My favourites at the moment.


----------



## Lukecash12 (Sep 21, 2009)

sospiro said:


> I'd never listened to _Boris Godunov_ and didn't know anything about it until a few years ago when I read an interview with a young bass I like and he said it was his ambition to sing the role one day.
> 
> So I decided to learn all about Boris so I'd be ready for the day when aforementioned young bass took on the role. So far I have four DVDs and six CDs and intend to expand my collection in due course. I find the whole story of the opera fascinating. All the revisions, Mussorgsky's problems and the decision of Rimsky-Korsakov and Shostakovich to 'improve' on Mussorgsky's orchestration. At first I was incensed that they could be so arrogant as to think they could improve on someone else's ideas and refused to listen to any of these versions. However I'm more relaxed about this now as they're all part of the Boris story.
> 
> My favourites at the moment.


I'm not super knowledgeable on romantic operas, Mussorgsky included, but keep it up guys this is awesome stuff!

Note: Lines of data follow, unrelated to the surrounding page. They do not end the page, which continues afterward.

(* Let $\ell_1,\ldots,\ell_4$ be four distinct lines in $\mathbb{R}^2$ given by $L_i=0$, where $L_i=A_ix+B_iy+C_i$ (real coefficients, $(A_i,B_i)\neq(0,0)$), $i=1,\ldots,4$. Assume that no two of $\ell_1,\ell_2,\ell_3$ are parallel and that $\ell_4$ is parallel to neither $\ell_1$ nor $\ell_2$. Let $f(x,y)=L_1L_2L_3+L_4$ and let $\Gamma$ be the real algebraic cubic curve $f(x,y)=0$. Then $f$ is irreducible, and $\Gamma$ is asymptotic to each of the lines $\ell_1,\ell_2,\ell_3$. *)

From HB Require Import structures.
From mathcomp Require Import all_boot all_order all_algebra.
From mathcomp Require Import all_classical all_reals all_analysis.
Set Implicit Arguments. Unset Strict Implicit. Unset Printing Implicit Defensive.
Import Order.TTheory GRing.Theory Num.Theory.
Import numFieldNormedType.Exports.
Local Open Scope ring_scope.
Local Open Scope classical_set_scope.

(* Bivariate polynomials R[x,y] are represented as {poly {poly R}}:
   the inner variable is x, the outer variable is y. *)
Definition eval2 {R : ringType} (p : {poly {poly R}}) (x y : R) : R :=
  (p.[y%:P]).[x].

Definition linpoly {R : ringType} (A B C : R) : {poly {poly R}} :=
  (B%:P)%:P * 'X + (A *: 'X + C%:P)%:P.

Definition const2 {R : ringType} (p : {poly {poly R}}) : Prop :=
  exists c : R, p = c%:P%:P.

(* Irreducibility in R[x,y]: non-constant (in particular nonzero, not a unit),
   and in every factorization one factor is constant (hence a unit). *)
Definition irreducible2 {R : ringType} (p : {poly {poly R}}) : Prop :=
  ~ const2 p /\ forall g h, p = g * h -> const2 g \/ const2 h.

Definition line {R : ringType} (A B C : R) : set (R * R) :=
  [set p | A * p.1 + B * p.2 + C = 0].

Definition parallel {R : ringType} (A1 B1 A2 B2 : R) : Prop :=
  A1 * B2 = A2 * B1.

Definition dist_line {R : rcfType} (A B C x y : R) : R :=
  `|A * x + B * y + C| / Num.sqrt (A ^+ 2 + B ^+ 2).

(* The zero set {f = 0} is asymptotic to the line (A,B,C): there is a branch,
   i.e. a continuous curve t |-> (gx t, gy t) lying in {f = 0}, going to
   infinity as t -> +oo, whose distance to the line tends to 0. *)
Definition asymptotic_to_line {R : realType} (f : {poly {poly R}}) (A B C : R)
  : Prop :=
  exists gx gy : R -> R,
    continuous gx /\ continuous gy /\
    (forall t, eval2 f (gx t) (gy t) = 0) /\
    ((fun t => `|gx t| + `|gy t|) @ +oo --> +oo) /\
    ((fun t => dist_line A B C (gx t) (gy t)) @ +oo --> 0).

From mathcomp Require Import all_boot all_order all_algebra.
From mathcomp Require Import all_classical all_reals all_analysis.
From mathcomp Require Import ring lra zify.
Import Order.TTheory GRing.Theory Num.Theory.
Import numFieldNormedType.Exports.
Local Open Scope ring_scope.
Local Open Scope classical_set_scope.

(* Irreducibility: after the shear (x, y) |-> (y, x + l y) with l large, the
   lines l1, l2, l3 all have a nonzero y-coefficient, so f is a cubic in y with
   constant leading coefficient and any nontrivial factorization has a factor
   of degree one in y, i.e. f(x, phi(x)) = 0 for a polynomial phi.  But after
   substituting y = phi(x), all but at most one of L1, L2, L3 keep the degree
   max(deg phi, 1) (two exceptions would be parallel lines), so L1 L2 L3 has
   larger degree than L4 unless some L_i(x, phi(x)) vanishes identically; then
   L4(x, phi(x)) vanishes as well and l4 = l_i.

   Asymptotes: in the affine coordinates u = L1, v = L2 the curve reads
   u v (p u + q v + r) + d u + e v + g = 0 with q <> 0 as l3 is not parallel
   to l1.  For large v this is a quadratic in u with a root u(v) = O(1/v)
   depending continuously on v, and (u(v), v) is a branch of the curve going
   to infinity whose distance |u| / |(A1, B1)| to l1 tends to 0. *)

(** * Bivariate polynomials and the shear *)

Lemma poly_eq0_of_inj_roots (D : idomainType) (p : {poly D}) (r : nat -> D) :
  injective r -> (forall n, root p (r n)) -> p = 0.
Proof.
move=> r_inj p_r; apply: (@roots_geq_poly_eq0 _ p [seq r i | i <- iota 0 (size p)]).
- by apply/allP => _ /mapP [i _ ->].
- by rewrite map_inj_uniq // iota_uniq.
- by rewrite size_map size_iota.
Qed.
(* Let $\sigma(x)=1/(1+e^{-x})$, let $a,\beta_n,B_n,\gamma_n^*\ge1$, $K_n,L,r,n\in\mathbb{N}$, and let $f_{\mathbf{w}}$ be the network described in the context. Let $(X_1,Y_1),\dots,(X_n,Y_n)\in\mathbb{R}^d\times\mathbb{R}$ with $X_i\in[-a,a]^d$ and $|Y_i|\le\beta_n$ for $i=1,\dots,n$, and let $F_n(\mathbf{w})=\frac1n\sum_{i=1}^n|Y_i-f_{\mathbf{w}}(X_i)|^2$. Assume $K_n\gamma_n^*\ge\beta_n$, and let $\mathbf{w}$ satisfy $|w^{(L)}_{1,1,k}|\le\gamma_n^*$ for all $k$ and $|w^{(l)}_{k,i,j}|\le B_n$ for all $k,i,j$ and $l\in\{1,\dots,L-1\}$. Then there is a constant $c_{14}=c_{14}(d,L,r,a)>0$ such that $$\|\nabla_{\mathbf{w}}F_n(\mathbf{w})\|\le c_{14}\,K_n^{3/2}(\gamma_n^* )^2B_n^L.$$
   Context: For a weight vector $\mathbf{w}$, $f_{\mathbf{w}}(x)=\sum_{j=1}^{K_n}w^{(L)}_{1,1,j}f^{(L)}_{j,1}(x)$, where for $k\in\{1,\dots,K_n\}$, $i\in\{1,\dots,r\}$: $f^{(l)}_{k,i}(x)=\sigma\big(\sum_{j=1}^rw^{(l-1)}_{k,i,j}f^{(l-1)}_{k,j}(x)+w^{(l-1)}_{k,i,0}\big)$ for $l=2,\dots,L$ and $f^{(1)}_{k,i}(x)=\sigma\big(\sum_{j=1}^dw^{(0)}_{k,i,j}x^{(j)}+w^{(0)}_{k,i,0}\big)$. The gradient is with respect to all weights; $\|\cdot\|$ is the Euclidean norm. *)

From Stdlib Require Import Reals Lra.
From Coquelicot Require Import Coquelicot.
Open Scope R_scope.

Definition sigma (x : R) : R := 1 / (1 + exp (- x)).

(* sumR m f = f 1 + ... + f m  (1-based, empty for m = 0) *)
Fixpoint sumR (m : nat) (f : nat -> R) : R :=
  match m with
  | O => 0
  | S m' => sumR m' f + f (S m')
  end.

Definition sumR0 (m : nat) (f : nat -> R) : R := f O + sumR m f.
Lemma merge_step (g : colouring) v u : Inv g -> v \in V -> u \in V -> ~~ settled g v ->
  u != v -> c u = c v -> {in V, forall t, g t = g u -> t = u} ->
  exists g1, [/\ reachable g g1 1, Inv g1 & unsettled g1 + 2 <= unsettled g].
Proof.
move=> Ig vV uV nv uv cuv single; have [pg palg _] := Ig.
have guP : g u \in P by rewrite palg.
have Hy b : e v b -> g b != g u.
  move=> evb; apply/eqP => gbu; have bV : b \in V by rewrite -palg gbu.
  by move: evb; rewrite (single b bV gbu) => /(properP _ c pc); rewrite cuv eqxx.
have nu : ~~ settled g u.
  apply/negP => /settledP/(_ v vV); rewrite cuv eqxx => /eqP/(single v vV) vu.
  by rewrite vu eqxx in uv.
pose g1 := recolour g v (g u).
have sv1 : settled g1 v.
  apply/settledP => t tV; rewrite !recolourE eqxx.
  case: (eqVneq t v) => [-> | tv]; first by rewrite !eqxx.
  rewrite (class_pair pc uV vV tV uv cuv) (negbTE tv) orbF.
  by apply/eqP/eqP => [/(single t tV) | ->].
exists g1; split.
- exact: (reachable_recolour sym irr pg Hy).
- exact: recoloured_within_recolour Ig vV guP Hy.
- have <- : #|[set u; v]| = 2 by rewrite cards2 uv.
  apply: unsettled_drop.
  + by apply/subsetP => z; rewrite !inE => /orP [] /eqP ->; rewrite ?uV ?vV ?nu ?nv.
  + move=> z zV sz; have zv : z != v by apply: contraNneq nv => <-.
    have zu : z != u by apply: contraNneq nu => <-.
    apply: settled_recolour => //.
    rewrite eq_sym [c v == _]eq_sym (class_pair pc uV vV zV uv cuv) (negbTE zu) (negbTE zv).
    by apply/negbTE; apply: contra zu => /eqP/(single z zV) ->.
  + move=> z; rewrite !inE => /orP [] /eqP -> //.
    by apply: settled_transfer sv1 _ cuv; rewrite !recolourE eqxx (negbTE uv).
Qed.

Lemma free_colour (g : colouring) : Inv g ->
  (forall v u, v \in V -> u \in V -> ~~ settled g v -> u != v -> c u = c v ->
     exists2 t, t \in V & g t = g u /\ t != u) ->
  exists2 x, x \in P & forall t, g t != x.
Proof.
move=> Ig stuck; have [pg palg _] := Ig.
(* When stuck, every singleton class of [g] is one of [c]; counting classes of size
   at most 2 then shows that [g] uses no more colours on [V] than [c]. *)
have le : #|g @: V| <= #|c @: V|.
  apply: card_imset_le_pairs => [v _ | v _ | v vV]; rewrite ?card_class_le2 //.
  case: (leqP 2 #|class_of V g v|) => [|lt2]; first exact: leq_trans (card_class_le2 v pc).
  have single w : w \in V -> g w = g v -> w = v.
    move=> wV gwv; apply/eqP; apply: contraLR lt2 => wv; rewrite -leqNgt.
    have <- : #|[set w; v]| = 2 by rewrite cards2 wv.
    apply/subset_leq_card/subsetP => x.
    by rewrite !inE => /orP [] /eqP ->; rewrite ?wV ?vV ?gwv eqxx.
  apply: leq_trans (_ : 1 <= _); last by apply/card_gt0P; exists v; rewrite inE vV eqxx.
  rewrite -(cards1 v); apply/subset_leq_card/subsetP => t; rewrite !inE => /andP [tV /eqP ctv].
  apply/contraT => tv; have nt : ~~ settled g t.
    apply/negP => /settledP/(_ v vV); rewrite ctv eqxx => /eqP/esym/(single t tV) tv'.
    by rewrite tv' eqxx in tv.
  have vt : v != t by rewrite eq_sym.
  have [w wV [gw]] := stuck t v tV vV nt vt (esym ctv).
  by rewrite (single w wV gw) eqxx.
have [x xP xn] : exists2 x, x \in P & x \notin g @: V.
  apply/subsetPn; apply: contraTN cV => /subset_leq_card PgV.
  by rewrite -leqNgt (leq_trans PgV le).
exists x => // t; apply: contraNneq xn => gtx.
by rewrite -gtx imset_f // -palg gtx.
Qed.

Lemma alone_step (g : colouring) v x : Inv g -> v \in V -> ~~ settled g v ->
  {in V, forall t, c t = c v -> t = v} -> x \in P -> (forall t, g t != x) ->
  descends e Inv unsettled g.
Proof.
move=> Ig vV nv alone xP xfree; have [pg _ _] := Ig.
have Hy w : e v w -> g w != x by move=> _; apply: xfree.
apply: (descends_recolour sym irr pg Hy); first exact: recoloured_within_recolour Ig vV xP Hy.
rewrite -addn1 -(cards1 v); apply: unsettled_drop.
- by apply/subsetP => z; rewrite !inE => /eqP ->; rewrite vV.
- by move=> z zV; apply: settled_recolour_free.
- move=> z; rewrite inE => /eqP ->; apply/settledP => t tV; rewrite !recolourE eqxx.
  case: (eqVneq t v) => [-> | tv]; first by rewrite !eqxx.
  rewrite (negbTE (xfree t)); apply/esym/negbTE; apply: contra tv => /eqP ctv.
  by rewrite (alone t tV ctv).
Qed.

To be honest I hadn't heard this one before, but I have no doubt it's great because I do love the composer and the plot sounds very interesting, much better than other operas I've seen that just have cookie-cutter plots as filler for the melodrama (don't shoot the messenger!). This plot is dripping wet with Russian sensibilities; it doesn't sound very different at all from Russian history.


----------



## sospiro (Apr 3, 2010)

Lukecash12 said:


> I'm not super knowledgeable on romantic operas, Mussorgsky included, but keep it up guys this is awesome stuff! To be honest I hadn't heard this one before, but I have no doubt it's great because I do love the composer and the plot sounds very interesting, much better than other operas I've seen that just have cookie-cutter plots as filler for the melodrama (don't shoot the messenger!). *This plot is dripping wet with Russian sensibilities; it doesn't sound very different at all from Russian history.*


Indeed!!

Pimen's monologue.


----------



## SixFootScowl (Oct 17, 2011)

Found another Boris Godunov thread. 

You guys at least had tried a few times. Now I want some serious and lengthy discussion of this magnificent opera.


----------